Федоров побагровел, жилы на его шее набрякли и посинели, рот нехорошо скривился в сторону.
— Дай слово! — прохрипел Федоров, обращаясь к Кандыбину.
Председатель молча кивнул головой. Федоров встал и подошел к столу. Увидев его, крикуны подняли невообразимый шум.
— К чорту!
— Долой!
— Помещи-и-к!
— Фью-ю-ю!
Федоров перегнулся через стол, губы его дрожали от гнева.
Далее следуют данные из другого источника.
(* Let $x_i,y_i\in K_i$ for each $1\le i\le N$. Then: (i) $\lim_{m\to-\infty}d\big(Y^{x_1\dots x_N}_{m0}(\sigma),Y^{y_1\dots y_N}_{m0}(\sigma)\big)=0$ for all $\sigma$ outside a set of $P_{x_1\dots x_N}$-outer measure zero; (ii) the limit $F_{x_1\dots x_N}(\sigma):=\lim_{m\to-\infty}Y^{x_1\dots x_N}_{m0}(\sigma)$ exists for all $\sigma$ outside a set of $P_{x_1\dots x_N}$-outer measure zero, and $F_{x_1\dots x_N}=F_{y_1\dots y_N}$ outside a set of $P_{x_1\dots x_N}$-outer measure zero; (iii) there exist closed subsets $Q_1\subset Q_2\subset\cdots\subset\Sigma$ with $\sum_{k=1}^\infty P_{x_1\dots x_N}(\Sigma\setminus Q_k)<\infty$, and constants $\alpha,C>0$, such that for every $k$ there exists $\delta_k>0$ with: $F_{x_1\dots x_N}$ is defined on $Q_k$ and for all $\sigma,\sigma'\in Q_k$ with $d'(\sigma,\sigma')\le\delta_k$, $d(F_{x_1\dots x_N}(\sigma),F_{x_1\dots x_N}(\sigma'))\le C\,d'(\sigma,\sigma')^\alpha$.
   Context: A contractive Markov system (CMS) with average contracting rate $0<a<1$ consists of: a finite directed multigraph $(V,E,i,t)$ with vertex set $V=\{1,\dots,N\}$, finite edge set $E$, and maps $i,t:E\to V$ giving the initial and terminal vertex of each edge; a complete metric space $(K,d)$ partitioned into non-empty Borel sets $K_1,\dots,K_N$; Borel measurable maps $w_e:K\to K$ ($e\in E$) with $w_e(K_{i(e)})\subset K_{t(e)}$; Borel measurable functions $p_e:K\to[0,\infty)$ with $\sum_{e\in E}p_e(x)=1$ for all $x\in K$ and $p_e=0$ on $K\setminus K_{i(e)}$; and such that $\sum_{e\in E}p_e(x)d(w_ex,w_ey)\leq a\,d(x,y)$ for all $x,y\in K_j$, $j=1,\dots,N$. No further conditions are imposed on the graph. Let $\Sigma:=E^{\mathbb{Z}}$ with metric $d'(\sigma,\sigma'):=(1/2)^k$ where $k$ is the largest integer with $\sigma_j=\sigma'_j$ for all $|j|<k$. For $m\le n$ the cylinder $_m[e_m,\dots,e_n]:=\{\sigma\in\Sigma:\sigma_j=e_j,\ m\le j\le n\}$. For an integer $m\le 1$, $\mathcal{A}_m$ is the $\sigma$-algebra generated by the cylinders $_m[e_m,\dots,e_n]$, $n\ge m$. For $x\in K$, $P^m_x$ is the probability measure on $(\Sigma,\mathcal{A}_m)$ with $P^m_x(_m[e_m,\dots,e_n])=p_{e_m}(x)\,p_{e_{m+1}}(w_{e_m}x)\cdots p_{e_n}(w_{e_{n-1}}\circ\cdots\circ w_{e_m}x)$. For a Borel probability measure $\nu$ on $K$, $\Phi_m(\nu)(A)=\int P^m_x(A)\,d\nu(x)$ for $A\in\mathcal{A}_m$. For $B\subset\Sigma$ let $\mathcal{C}(B)$ be the set of sequences $(A_m)_{m\le 0}$ with $A_m\in\mathcal{A}_m$ and $B\subset\bigcup_{m\le 0}A_m$, and $\Phi(\nu)(B):=\inf\{\sum_{m\le 0}\Phi_m(\nu)(A_m):(A_m)_{m\le0}\in\mathcal{C}(B)\}$ (an outer measure on $\Sigma$). Fix $x_i\in K_i$, $i=1,\dots,N$, and set $P^m_{x_1\dots x_N}:=\Phi_m\big(\frac1N\sum_{i=1}^N\delta_{x_i}\big)$ and $P_{x_1\dots x_N}:=\Phi\big(\frac1N\sum_{i=1}^N\delta_{x_i}\big)$, where $\delta_x$ is the Dirac measure at $x$. For $m\le 0$ and $n\ge m$ define $Y^{x_1\dots x_N}_{mn}:\Sigma\to K$ by $Y^{x_1\dots x_N}_{mn}(\sigma):=w_{\sigma_n}\circ w_{\sigma_{n-1}}\circ\cdots\circ w_{\sigma_m}(x_{i(\sigma_m)})$. *)

From HB Require Import structures.
From mathcomp Require Import all_boot all_order all_algebra.
From mathcomp Require Import all_classical all_reals all_analysis.
Set Implicit Arguments. Unset Strict Implicit. Unset Printing Implicit Defensive.
Import Order.TTheory GRing.Theory Num.Theory numFieldNormedType.Exports.
Local Open Scope classical_set_scope.
Local Open Scope ring_scope.

Section Metric.
Variables (R : realType) (K : Type) (d : K -> K -> R).

Definition is_metric : Prop :=
  (forall x y, 0 <= d x y) /\ (forall x y, d x y = 0 <-> x = y) /\
  (forall x y, d x y = d y x) /\ (forall x y z, d x z <= d x y + d y z).

Definition mconv (u : nat -> K) (l : K) : Prop :=
  forall e : R, 0 < e -> exists M : nat, forall n, (M <= n)%N -> d (u n) l < e.

Definition mcauchy (u : nat -> K) : Prop :=
  forall e : R, 0 < e -> exists M : nat, forall n k, (M <= n)%N -> (M <= k)%N ->
    d (u n) (u k) < e.

Definition mcomplete : Prop := forall u, mcauchy u -> exists l, mconv u l.

Definition mopen (A : set K) : Prop :=
  forall x, A x -> exists2 e : R, 0 < e & forall y, d x y < e -> A y.

Definition mborel : set (set K) := <<s mopen >>.

Definition mclosed (A : set K) : Prop :=
  forall x, (forall e : R, 0 < e -> exists2 y, A y & d x y < e) -> A x.
End Metric.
Со всего размаха он саданул кулаком по столу и, покрывая шум голосов, заорал:
— Гарлопа-а-а-ны!
Сход опешил. Передние ряды откатились назад.
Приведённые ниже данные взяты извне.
(* Let $\mathcal{A}$ be a semi-abelian category, and let $m:I\to A$ be a kernel (equivalently, a normal monic) in $\mathcal{A}$. The following are equivalent: (1) $m$ is an essential monic; (2) whenever $f:A\to B$ is an arrow such that $fm$ is a normal monic, $f$ is monic; (3) if $g:J\to A$ is a normal monic with $g\perp m$, then $g=0$ (i.e. $J$ is a zero object).
   Context: In a semi-abelian category, normal monics coincide with kernels; the ideals of an object $A$ are the subobjects of $A$ represented by normal monics with target $A$, and they form a bounded lattice. For normal monics (ideals) $g,m$ with target $A$, write $g\perp m$ if their meet in the lattice of ideals of $A$ is $0$ (equivalently, the pullback of $g$ and $m$ is a zero object). An arrow $m$ is an essential monic if $m$ is monic and for every arrow $g$ such that $gm$ is defined and monic, $g$ is monic. *)

Record Cat := {
  Ob :> Type;
  Hom : Ob -> Ob -> Type;
  idm : forall a, Hom a a;
  comp : forall a b c, Hom b c -> Hom a b -> Hom a c;
  comp_id_l : forall a b (f : Hom a b), comp a b b (idm b) f = f;
  comp_id_r : forall a b (f : Hom a b), comp a a b f (idm a) = f;
  comp_assoc : forall a b c d (h : Hom c d) (g : Hom b c) (f : Hom a b),
      comp a c d h (comp a b c g f) = comp a b d (comp b c d h g) f
}.

Arguments Hom : clear implicits.
Arguments idm {c0} a.
Arguments comp {c0 a b c} _ _.

Declare Scope cat_scope.
Notation "g ∘ f" := (comp g f) (at level 40, left associativity) : cat_scope.
Open Scope cat_scope.

Section Notions.
Variable C : Cat.

Definition monic {a b : C} (f : Hom C a b) : Prop :=
  forall x (u v : Hom C x a), f ∘ u = f ∘ v -> u = v.

Definition is_iso {a b : C} (f : Hom C a b) : Prop :=
  exists g : Hom C b a, g ∘ f = idm a /\ f ∘ g = idm b.

Definition is_initial (Z : C) : Prop :=
  forall X : C, (exists f : Hom C Z X, True) /\ (forall f g : Hom C Z X, f = g).
Definition is_terminal (Z : C) : Prop :=
  forall X : C, (exists f : Hom C X Z, True) /\ (forall f g : Hom C X Z, f = g).
Definition is_zero_obj (Z : C) : Prop := is_initial Z /\ is_terminal Z.

Definition pointed : Prop := exists Z : C, is_zero_obj Z.

Definition zero_arrow {a b : C} (f : Hom C a b) : Prop :=
  exists (Z : C) (z1 : Hom C a Z) (z2 : Hom C Z b), is_zero_obj Z /\ f = z2 ∘ z1.

Definition is_pullback {a b c : C} (f : Hom C a c) (g : Hom C b c)
    (P : C) (p1 : Hom C P a) (p2 : Hom C P b) : Prop :=
  f ∘ p1 = g ∘ p2 /\
  forall (Q : C) (q1 : Hom C Q a) (q2 : Hom C Q b), f ∘ q1 = g ∘ q2 ->
    exists u : Hom C Q P, p1 ∘ u = q1 /\ p2 ∘ u = q2 /\
      forall v : Hom C Q P, p1 ∘ v = q1 -> p2 ∘ v = q2 -> v = u.

Definition has_pullbacks : Prop :=
  forall (a b c : C) (f : Hom C a c) (g : Hom C b c),
    exists (P : C) (p1 : Hom C P a) (p2 : Hom C P b), is_pullback f g P p1 p2.

Definition has_terminal : Prop := exists T : C, is_terminal T.

Definition finitely_complete : Prop := has_terminal /\ has_pullbacks.

Definition is_coequalizer {a b c : C} (f g : Hom C a b) (q : Hom C b c) : Prop :=
  q ∘ f = q ∘ g /\
  forall (d : C) (h : Hom C b d), h ∘ f = h ∘ g ->
    exists u : Hom C c d, u ∘ q = h /\ forall v : Hom C c d, v ∘ q = h -> v = u.

Definition regular_epi {b c : C} (q : Hom C b c) : Prop :=
  exists (a : C) (f g : Hom C a b), is_coequalizer f g q.

Definition regular : Prop :=
  finitely_complete /\
  (forall (a b : C) (f : Hom C a b) (P : C) (p1 p2 : Hom C P a),
      is_pullback f f P p1 p2 ->
      exists (Q : C) (q : Hom C a Q), is_coequalizer p1 p2 q) /\
  (forall (a b c : C) (q : Hom C a c) (g : Hom C b c)
          (P : C) (p1 : Hom C P a) (p2 : Hom C P b),
      regular_epi q -> is_pullback q g P p1 p2 -> regular_epi p2).

Definition equivalence_relation {X R : C} (r1 r2 : Hom C R X) : Prop :=
  (forall (Y : C) (u v : Hom C Y R), r1 ∘ u = r1 ∘ v -> r2 ∘ u = r2 ∘ v -> u = v) /\
  (exists d : Hom C X R, r1 ∘ d = idm X /\ r2 ∘ d = idm X) /\
  (exists s : Hom C R R, r1 ∘ s = r2 /\ r2 ∘ s = r1) /\
  (forall (P : C) (p1 p2 : Hom C P R), is_pullback r2 r1 P p1 p2 ->
     exists t : Hom C P R, r1 ∘ t = r1 ∘ p1 /\ r2 ∘ t = r2 ∘ p2).

Definition effective {X R : C} (r1 r2 : Hom C R X) : Prop :=
  exists (Y : C) (f : Hom C X Y), is_pullback f f R r1 r2.

Definition exact : Prop :=
  regular /\
  forall (X R : C) (r1 r2 : Hom C R X), equivalence_relation r1 r2 -> effective r1 r2.

Definition is_kernel {K A B : C} (k : Hom C K A) (f : Hom C A B) : Prop :=
  zero_arrow (f ∘ k) /\
  forall (X : C) (x : Hom C X A), zero_arrow (f ∘ x) ->
    exists y : Hom C X K, k ∘ y = x /\ forall y' : Hom C X K, k ∘ y' = x -> y' = y.

Definition normal_monic {K A : C} (k : Hom C K A) : Prop :=
  exists (B : C) (f : Hom C A B), is_kernel k f.

(* Bourn protomodularity, in its pointed form: the split short five lemma *)
Definition protomodular : Prop :=
  forall (K A B K' A' B' : C)
         (k : Hom C K A) (p : Hom C A B) (s : Hom C B A)
         (k' : Hom C K' A') (p' : Hom C A' B') (s' : Hom C B' A')
         (u : Hom C K K') (v : Hom C A A') (w : Hom C B B'),
    is_kernel k p -> p ∘ s = idm B ->
    is_kernel k' p' -> p' ∘ s' = idm B' ->
    v ∘ k = k' ∘ u -> p' ∘ v = w ∘ p -> v ∘ s = s' ∘ w ->
    is_iso u -> is_iso w -> is_iso v.

Definition is_coproduct {a b : C} (S : C) (i1 : Hom C a S) (i2 : Hom C b S) : Prop :=
  forall (X : C) (f : Hom C a X) (g : Hom C b X),
    exists h : Hom C S X, h ∘ i1 = f /\ h ∘ i2 = g /\
      forall h' : Hom C S X, h' ∘ i1 = f -> h' ∘ i2 = g -> h' = h.

Definition has_binary_coproducts : Prop :=
  forall a b : C, exists (S : C) (i1 : Hom C a S) (i2 : Hom C b S), is_coproduct S i1 i2.

Definition semi_abelian : Prop :=
  pointed /\ exact /\ protomodular /\ has_binary_coproducts.

Definition essential_monic {I A : C} (m : Hom C I A) : Prop :=
  monic m /\ forall (X : C) (g : Hom C A X), monic (g ∘ m) -> monic g.

Definition perp {J I A : C} (g : Hom C J A) (m : Hom C I A) : Prop :=
  forall (P : C) (p1 : Hom C P J) (p2 : Hom C P I),
    is_pullback g m P p1 p2 -> is_zero_obj P.

End Notions.

Arguments monic {C a b} f.
Arguments is_iso {C a b} f.
Arguments zero_arrow {C a b} f.
Arguments is_pullback {C a b c} f g P p1 p2.
Arguments is_coequalizer {C a b c} f g q.
Arguments regular_epi {C b c} q.
Arguments equivalence_relation {C X R} r1 r2.
Arguments effective {C X R} r1 r2.
Arguments is_kernel {C K A B} k f.
Arguments normal_monic {C K A} k.
Arguments is_coproduct {C a b} S i1 i2.
Arguments essential_monic {C I A} m.
Arguments perp {C J I A} g m.

From Stdlib Require Import Setoid.

(* For (3) ⇒ (1): if [h ∘ m] is monic then [ker h ⊥ m], so
   [ker h = 0] and, by protomodularity, [h] is monic.  For (2) ⇒ (3): let [g = ker φ] and
   [m = ker ψ] with [g ⊥ m], and let [q] be the coequalizer of the kernel pair of [φ].  Then
   [q ∘ g = 0], and [q ∘ m] is monic because [g ⊥ m].  It is also normal: the image of the
   kernel pair of [ψ] under [q × q] is an equivalence relation (transitive because kernel
   pairs commute in a protomodular regular category), hence effective, and its zero class
   is [q ∘ m].  So (2) makes [q] monic, and [q ∘ g = 0] forces [g = 0].  All uses of
   protomodularity go through one fact: a monic containing both the kernel and a section of
   a split epi is an isomorphism. *)

Definition factors_through {C : Cat} {X N P : C} (n : Hom C N P) (x : Hom C X P) : Prop :=
  exists y : Hom C X N, n ∘ y = x.

Definition jointly_monic {C : Cat} {X A B : C} (f : Hom C X A) (g : Hom C X B) : Prop :=
  forall Y (u v : Hom C Y X), f ∘ u = f ∘ v -> g ∘ u = g ∘ v -> u = v.

Definition locally_factors {C : Cat} {X D P : C} (f : Hom C D P) (x : Hom C X P) : Prop :=
  exists Y (c : Hom C Y X) (y : Hom C Y D), regular_epi c /\ f ∘ y = x ∘ c.

Ltac comp_normalize :=
  repeat rewrite comp_assoc; repeat rewrite comp_id_l; repeat rewrite comp_id_r.

(* An equation [l = r] with [l] a composite does not rewrite inside a left-associated
   composite [x ∘ l1 ∘ l2]; its postcomposed form [forall x, x ∘ l1 ∘ l2 = x ∘ r] does. *)
Ltac rewrite_comp H :=
  let H' := fresh in
  pose proof (fun W (x : Hom _ _ W) => f_equal (comp x) H) as H';
  repeat setoid_rewrite comp_assoc in H';
  first [rewrite H' | rewrite H]; clear H'.

Section SemiAbelian.

Variable C : Cat.

Lemma zero_arrow_unique {X Y : C} (f g : Hom C X Y) :
  zero_arrow f -> zero_arrow g -> f = g.
Proof.
  intros [Z1 [z1 [z2 [H1 ->]]]] [Z2 [w1 [w2 [H2 ->]]]].
  destruct (proj1 (proj1 H2 Z1)) as [t _].
  assert (E1 : z1 = t ∘ w1) by apply (proj2 (proj2 H1 X)).
  assert (E2 : z2 ∘ t = w2) by apply (proj2 (proj1 H2 Y)).
  rewrite E1, comp_assoc, E2. reflexivity.
Qed.

Lemma zero_arrow_postcomp {X Y W : C} (g : Hom C Y W) (f : Hom C X Y) :
  zero_arrow f -> zero_arrow (g ∘ f).
Proof.
  intros [Z0 [z1 [z2 [HZ0 ->]]]]. exists Z0, z1, (g ∘ z2).
  split; [exact HZ0 | apply comp_assoc].
Qed.

Lemma zero_arrow_precomp {X Y W : C} (f : Hom C X Y) (h : Hom C W X) :
  zero_arrow f -> zero_arrow (f ∘ h).
Proof.
  intros [Z0 [z1 [z2 [HZ0 ->]]]]. exists Z0, (z1 ∘ h), z2.
  split; [exact HZ0 | symmetry; apply comp_assoc].
Qed.

Lemma zero_arrow_from_zero_obj {W X : C} (f : Hom C W X) : is_zero_obj C W -> zero_arrow f.
Proof. intros HW. exists W, (idm W), f. split; [exact HW | symmetry; apply comp_id_r]. Qed.

Lemma is_kernel_from_zero_obj {W A B : C} (z : Hom C W A) (f : Hom C A B) :
  is_zero_obj C W -> (forall Y (x : Hom C Y A), zero_arrow (f ∘ x) -> zero_arrow x) ->
  is_kernel z f.
Proof.
  intros HW Htriv. split.
  - apply zero_arrow_postcomp, zero_arrow_from_zero_obj, HW.
  - intros Y x Hx. destruct (proj1 (proj2 HW Y)) as [y _]. exists y. split.
    + apply zero_arrow_unique; [| exact (Htriv Y x Hx)].
      apply zero_arrow_precomp, zero_arrow_from_zero_obj, HW.
    + intros y' _. apply (proj2 (proj2 HW Y)).
Qed.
— Ну? Наорались? А теперь я скажу.
Сдерживая себя Федоров сказал, стараясь говорить спокойнее:
— Меня перекричать трудно… У меня глотка пошире вашей будет. Кого хошь переору. Да только дело тут не такое, чтобы орать. Мирской, говорите, выпас? Ладно! Поделить хотите? Ладно! А только какая вам польза от раздела? По аршину на хозяйство урвете?.. Сам знаю, что расчета нет дележку устраивать. Стало-быть что же? Стало-быть выходит, не землю хлопочете?.. Выпасом ведь все равно кулаки пользуются… Ну, а я так скажу: считаете вы себя людьми, а за рюмку водки готовы всякую пакость устроить. Вам что — выпить и только, а нам с этим выпасом — целая жизнь… Подумайте-ка над этим.
Тут встал председатель совета Кандыбин и сказал:
— Дело такое, товарищи. Федоров и батраки с нашей деревни организовали артель птицеводную. По закону какой-нибудь выпас представить мы им обязаны. А тем паче, что других артелей нет и выпасом этим никто не пользуется, а у них под рукою он.
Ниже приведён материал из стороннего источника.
From Stdlib Require Import ClassicalEpsilon.
From HB Require Import structures.
From mathcomp Require Import all_boot all_order all_algebra.
Import Order.TTheory GRing.Theory.
Set Implicit Arguments. Unset Strict Implicit. Unset Printing Implicit Defensive.
Local Open Scope ring_scope.

(* Let L_E(x) be the class of g_E(x, x) in Kbar.  In coordinates, the cross
   terms of g_E(x + y, x + y) form the strictly upper triangular part of f(x, y);
   the strictly lower triangular part is congruent to it modulo K_{sigma,eps},
   and the diagonal vanishes because the singular vectors of a non-trivial q
   are f-isotropic.  Hence L_E(x + y) = L_E(x) + L_E(y) + class of f(x, y),
   L_E(x lambda) = L_E(x) o lambda, and L_E lifts q.  So delta = L_E - L_E' is
   K-linear with values in Rbar, theta o delta is K-linear, Delta is a unipotent
   linear automorphism of V + Sbar, and L_E(x) + r and L_E'(x) + theta(delta x) + r
   differ by delta x - theta(delta x), which lies in Tbar. *)

Section AdditiveMaps.

Variables (A B : zmodType) (phi : A -> B).
Hypothesis phiD : forall a b, phi (a + b) = phi a + phi b.

Lemma additive_map0 : phi 0 = 0.
Proof. by apply: (@addrI _ (phi 0)); rewrite -phiD !addr0. Qed.

Lemma additive_mapB a b : phi (a - b) = phi a - phi b.
Proof.
have phiN c : phi (- c) = - phi c.
  by apply: (@addrI _ (phi c)); rewrite -phiD !subrr additive_map0.
by rewrite phiD phiN.
Qed.

Lemma additive_map_sum (J : Type) (r : seq J) (P : pred J) (F : J -> A) :
  phi (\sum_(j <- r | P j) F j) = \sum_(j <- r | P j) phi (F j).
Proof. exact: (big_morph phi phiD additive_map0). Qed.

End AdditiveMaps.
До вечера шумел сход, однако большинством голосов выпас был передан коммунщикам.
По этому случаю разговоров в деревне было не мало, а тут еще новость прокатилась по деревне. Филька привез из города бумагу, по которой силантьевские гуси были объявлены племенными.
— Еще артель сбивают, — передавали бабы у колодца, — Филька-то Силантьев с бумагой приехал. А вчера Прокофий да другие богатеи собранье проводили, чтобы свою артель устроить.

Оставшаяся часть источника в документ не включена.